DATA FOR ANALYSIS:

(* Let $p,q\ge 2$ be relatively prime integers. Then $$p\sum_{n=1}^{q-1}\cot\!\Big(\frac{\pi np}{q}\Big)\cot^3\!\Big(\frac{\pi n}{q}\Big)+q\sum_{n=1}^{p-1}\cot\!\Big(\frac{\pi nq}{p}\Big)\cot^3\!\Big(\frac{\pi n}{p}\Big)=\frac{1}{45}\left(p^4+q^4-5p^2q^2-15p^2-15q^2+45pq-12\right).$$ *)

From Stdlib Require Import Reals ZArith Znumtheory.
Open Scope R_scope.

Definition cot (x : R) : R := cos x / sin x.

Fixpoint sum1 (f : nat -> R) (m : nat) : R :=
  match m with
  | O => 0
  | S k => sum1 f k + f (S k)
  end.

From Stdlib Require Import Reals ZArith Znumtheory Lra Lia.
Open Scope R_scope.

(* By the cotangent multiplication formula sum_{m<p} cot(t + pi m/p) = p cot(p t),
   p * sum_n cot(pi n p/q) f(cot(pi n/q)) equals sum_n cot(pi n/q) f(cot(pi n/q)) plus a
   double sum over 1 <= n < q, 1 <= m < p of cot(pi n/q + pi m/p) f(cot(pi n/q)).  Adding the
   same identity with p and q exchanged attaches f(cot(pi n/q)) + f(cot(pi m/p)) to each mixed
   term, and cot(a+b)(cot a + cot b) = cot a cot b - 1 eliminates the mixed cotangent as soon
   as f(x) + f(y) is divisible by x + y.  For f(x) = x^3 the sum becomes a polynomial in the
   power sums s_k(q) = sum_n cot^k(pi n/q), whose odd members vanish by symmetry.  Finally s_2
   and s_4 are evaluated by induction on q, using the same reciprocity for the coprime pair
   (q+1, q), where cot(pi n (q+1)/q) = cot(pi n/q) and cot(pi m q/(q+1)) = -cot(pi m/(q+1)). *)

Fixpoint sum0 (f : nat -> R) (N : nat) : R :=
  match N with O => 0 | S k => sum0 f k + f k end.

Lemma sum0_ext f g N : (forall k, (k < N)%nat -> f k = g k) -> sum0 f N = sum0 g N.
Proof.
  induction N as [|N IH]; intros H; simpl; [reflexivity|].
  rewrite IH by (intros; apply H; lia). rewrite H by lia. reflexivity.
Qed.

Lemma sum0_plus f g N : sum0 (fun k => f k + g k) N = sum0 f N + sum0 g N.
Proof. induction N as [|N IH]; simpl; [lra | rewrite IH; lra]. Qed.

Lemma sum0_scal c f N : sum0 (fun k => c * f k) N = c * sum0 f N.
Proof. induction N as [|N IH]; simpl; [lra | rewrite IH; lra]. Qed.

Lemma sum0_const c N : sum0 (fun _ => c) N = INR N * c.
Proof. induction N as [|N IH]; simpl sum0; [simpl; lra | rewrite IH, S_INR; lra]. Qed.

Lemma sum0_Sl f N : sum0 f (S N) = f O + sum0 (fun k => f (S k)) N.
Proof. induction N as [|N IH]; simpl in *; [lra | rewrite IH; lra]. Qed.

Lemma sum0_swap (F : nat -> nat -> R) N M :
  sum0 (fun i => sum0 (fun j => F i j) M) N = sum0 (fun j => sum0 (fun i => F i j) N) M.
Proof.
  induction N as [|N IH]; simpl.
  - induction M as [|M IHM]; simpl; [reflexivity | rewrite <- IHM; lra].
  - rewrite IH, <- sum0_plus. reflexivity.
Qed.

Lemma sum0_rev f N : sum0 f N = sum0 (fun k => f (N - S k)%nat) N.
Proof.
  revert f; induction N as [|N IH]; intros f; [reflexivity|].
  rewrite sum0_Sl, IH; simpl sum0. rewrite Nat.sub_diag.
  rewrite (sum0_ext _ (fun k => f (N - k)%nat)) by (intros; f_equal; lia). lra.
Qed.

Lemma sum1_sum0 f N : sum1 f N = sum0 (fun k => f (S k)) N.
Proof. induction N as [|N IH]; simpl; [reflexivity | rewrite IH; reflexivity]. Qed.

Lemma sum1_ext f g N : (forall k, (1 <= k <= N)%nat -> f k = g k) -> sum1 f N = sum1 g N.
Proof. intros H; rewrite !sum1_sum0; apply sum0_ext; intros; apply H; lia. Qed.

Lemma sum1_plus f g N : sum1 (fun k => f k + g k) N = sum1 f N + sum1 g N.
Proof. rewrite !sum1_sum0; apply sum0_plus. Qed.

Lemma sum1_scal c f N : sum1 (fun k => c * f k) N = c * sum1 f N.
Proof. rewrite !sum1_sum0; apply sum0_scal. Qed.

Lemma sum1_const c N : sum1 (fun _ => c) N = INR N * c.
Proof. rewrite sum1_sum0; apply sum0_const. Qed.

Lemma sum1_swap (F : nat -> nat -> R) N M :
  sum1 (fun i => sum1 (fun j => F i j) M) N = sum1 (fun j => sum1 (fun i => F i j) N) M.
Proof.
  rewrite !sum1_sum0.
  transitivity (sum0 (fun i => sum0 (fun j => F (S i) (S j)) M) N).
  - apply sum0_ext; intros; apply sum1_sum0.
  - rewrite sum0_swap. apply sum0_ext; intros; symmetry; apply sum1_sum0.
Qed.

Lemma sum1_sum1_plus (F G : nat -> nat -> R) N M :
  sum1 (fun i => sum1 (fun j => F i j + G i j) M) N =
  sum1 (fun i => sum1 (fun j => F i j) M) N + sum1 (fun i => sum1 (fun j => G i j) M) N.
Proof. rewrite <- sum1_plus. apply sum1_ext; intros; apply sum1_plus. Qed.

Lemma sum1_sum1_mul f g N M :
  sum1 (fun i => sum1 (fun j => f i * g j) M) N = sum1 f N * sum1 g M.
Proof.
  rewrite Rmult_comm, <- sum1_scal. apply sum1_ext; intros.
  rewrite Rmult_comm, <- sum1_scal. apply sum1_ext; intros; ring.
Qed.

Lemma sum1_antisym f N : (forall k, (1 <= k <= N)%nat -> f (S N - k)%nat = - f k) -> sum1 f N = 0.
Proof.
  intros H. rewrite sum1_sum0.
  enough (E : sum0 (fun k => f (S k)) N = -1 * sum0 (fun k => f (S k)) N) by lra.
  rewrite <- sum0_scal, sum0_rev at 1. apply sum0_ext; intros k Hk.
  replace (S (N - S k)) with (S N - S k)%nat by lia. rewrite H by lia. ring.
Qed.

Lemma cot_neg x : cot (- x) = - cot x.
Proof. unfold cot, Rdiv. rewrite sin_neg, cos_neg, Rinv_opp. ring. Qed.

Lemma cot_add_PI x : cot (x + PI) = cot x.
Proof. unfold cot, Rdiv. rewrite neg_cos, neg_sin, Rinv_opp. ring. Qed.

Lemma cot_add_nat_PI x m : cot (x + INR m * PI) = cot x.
Proof.
  induction m as [|m IH]; [simpl; f_equal; ring|].
  rewrite S_INR, <- IH, <- (cot_add_PI (x + INR m * PI)). f_equal. ring.
Qed.

Lemma sin_add_nat_PI_neq0 x m : sin x <> 0 -> sin (x + INR m * PI) <> 0.
Proof.
  intros H; induction m as [|m IH]; [simpl; rewrite Rmult_0_l, Rplus_0_r; exact H|].
  rewrite S_INR. replace (x + (INR m + 1) * PI) with ((x + INR m * PI) + PI) by ring.
  rewrite neg_sin. intro H'; apply IH; lra.
Qed.

Lemma cot_add a b : sin a <> 0 -> sin b <> 0 -> sin (a + b) <> 0 ->
  cot (a + b) * (cot a + cot b) = cot a * cot b - 1.
Proof.
  intros Ha Hb Hab. unfold cot.
  replace (cos a / sin a + cos b / sin b) with (sin (a + b) / (sin a * sin b))
    by (rewrite sin_plus; field; auto).
  rewrite cos_plus. field. auto.
Qed.

Lemma sin_PI_div_neq0 k N : (0 < N)%nat -> ~ (Z.of_nat N | Z.of_nat k)%Z ->
  sin (PI * INR k / INR N) <> 0.
Proof.
  intros HN Hd H. apply sin_eq_0_0 in H as [z Hz].
  apply Hd. exists z. apply eq_IZR. rewrite mult_IZR, <- !INR_IZR_INZ.
  assert (0 < INR N) by (apply lt_0_INR; lia). pose proof PI_RGT_0.
  apply Rmult_eq_reg_l with (PI / INR N); [|apply Rgt_not_eq, Rdiv_lt_0_compat; lra].
  replace (PI / INR N * INR k) with (PI * INR k / INR N) by (field; lra). rewrite Hz. field; lra.
Qed.

Lemma sin_PI_div_lt_neq0 k N : (0 < k < N)%nat -> sin (PI * INR k / INR N) <> 0.
Proof.
  intros Hk. apply sin_PI_div_neq0; [lia|]. intros Hd. apply Z.divide_pos_le in Hd; lia.
Qed.

Lemma sum_cos_arith a b N :
  2 * sin b * sum0 (fun m => cos (a + 2 * b * INR m)) N =
  sin (a + (2 * INR N - 1) * b) - sin (a - b).
Proof.
  induction N as [|N IH]; simpl sum0.
  - rewrite INR_0. replace (a + (2 * 0 - 1) * b) with (a - b) by ring. ring.
  - rewrite Rmult_plus_distr_l, IH, S_INR.
    replace (a + (2 * (INR N + 1) - 1) * b) with ((a + 2 * b * INR N) + b) by ring.
    replace (a + (2 * INR N - 1) * b) with ((a + 2 * b * INR N) - b) by ring.
    rewrite sin_plus, sin_minus. ring.
Qed.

HOW TO COMPLETE THIS TASK: Starting with the line above that holds "double sum over" and stopping with the line that holds "Lemma sum0_plus f", reproduce each line exactly, omitting all other lines.

RESPONSE AREA:
   double sum over 1 <= n < q, 1 <= m < p of cot(pi n/q + pi m/p) f(cot(pi n/q)).  Adding the
   same identity with p and q exchanged attaches f(cot(pi n/q)) + f(cot(pi m/p)) to each mixed
   term, and cot(a+b)(cot a + cot b) = cot a cot b - 1 eliminates the mixed cotangent as soon
   as f(x) + f(y) is divisible by x + y.  For f(x) = x^3 the sum becomes a polynomial in the
   power sums s_k(q) = sum_n cot^k(pi n/q), whose odd members vanish by symmetry.  Finally s_2
   and s_4 are evaluated by induction on q, using the same reciprocity for the coprime pair
   (q+1, q), where cot(pi n (q+1)/q) = cot(pi n/q) and cot(pi m q/(q+1)) = -cot(pi m/(q+1)). *)

Fixpoint sum0 (f : nat -> R) (N : nat) : R :=
  match N with O => 0 | S k => sum0 f k + f k end.

Lemma sum0_ext f g N : (forall k, (k < N)%nat -> f k = g k) -> sum0 f N = sum0 g N.
Proof.
  induction N as [|N IH]; intros H; simpl; [reflexivity|].
  rewrite IH by (intros; apply H; lia). rewrite H by lia. reflexivity.
Qed.

Lemma sum0_plus f g N : sum0 (fun k => f k + g k) N = sum0 f N + sum0 g N.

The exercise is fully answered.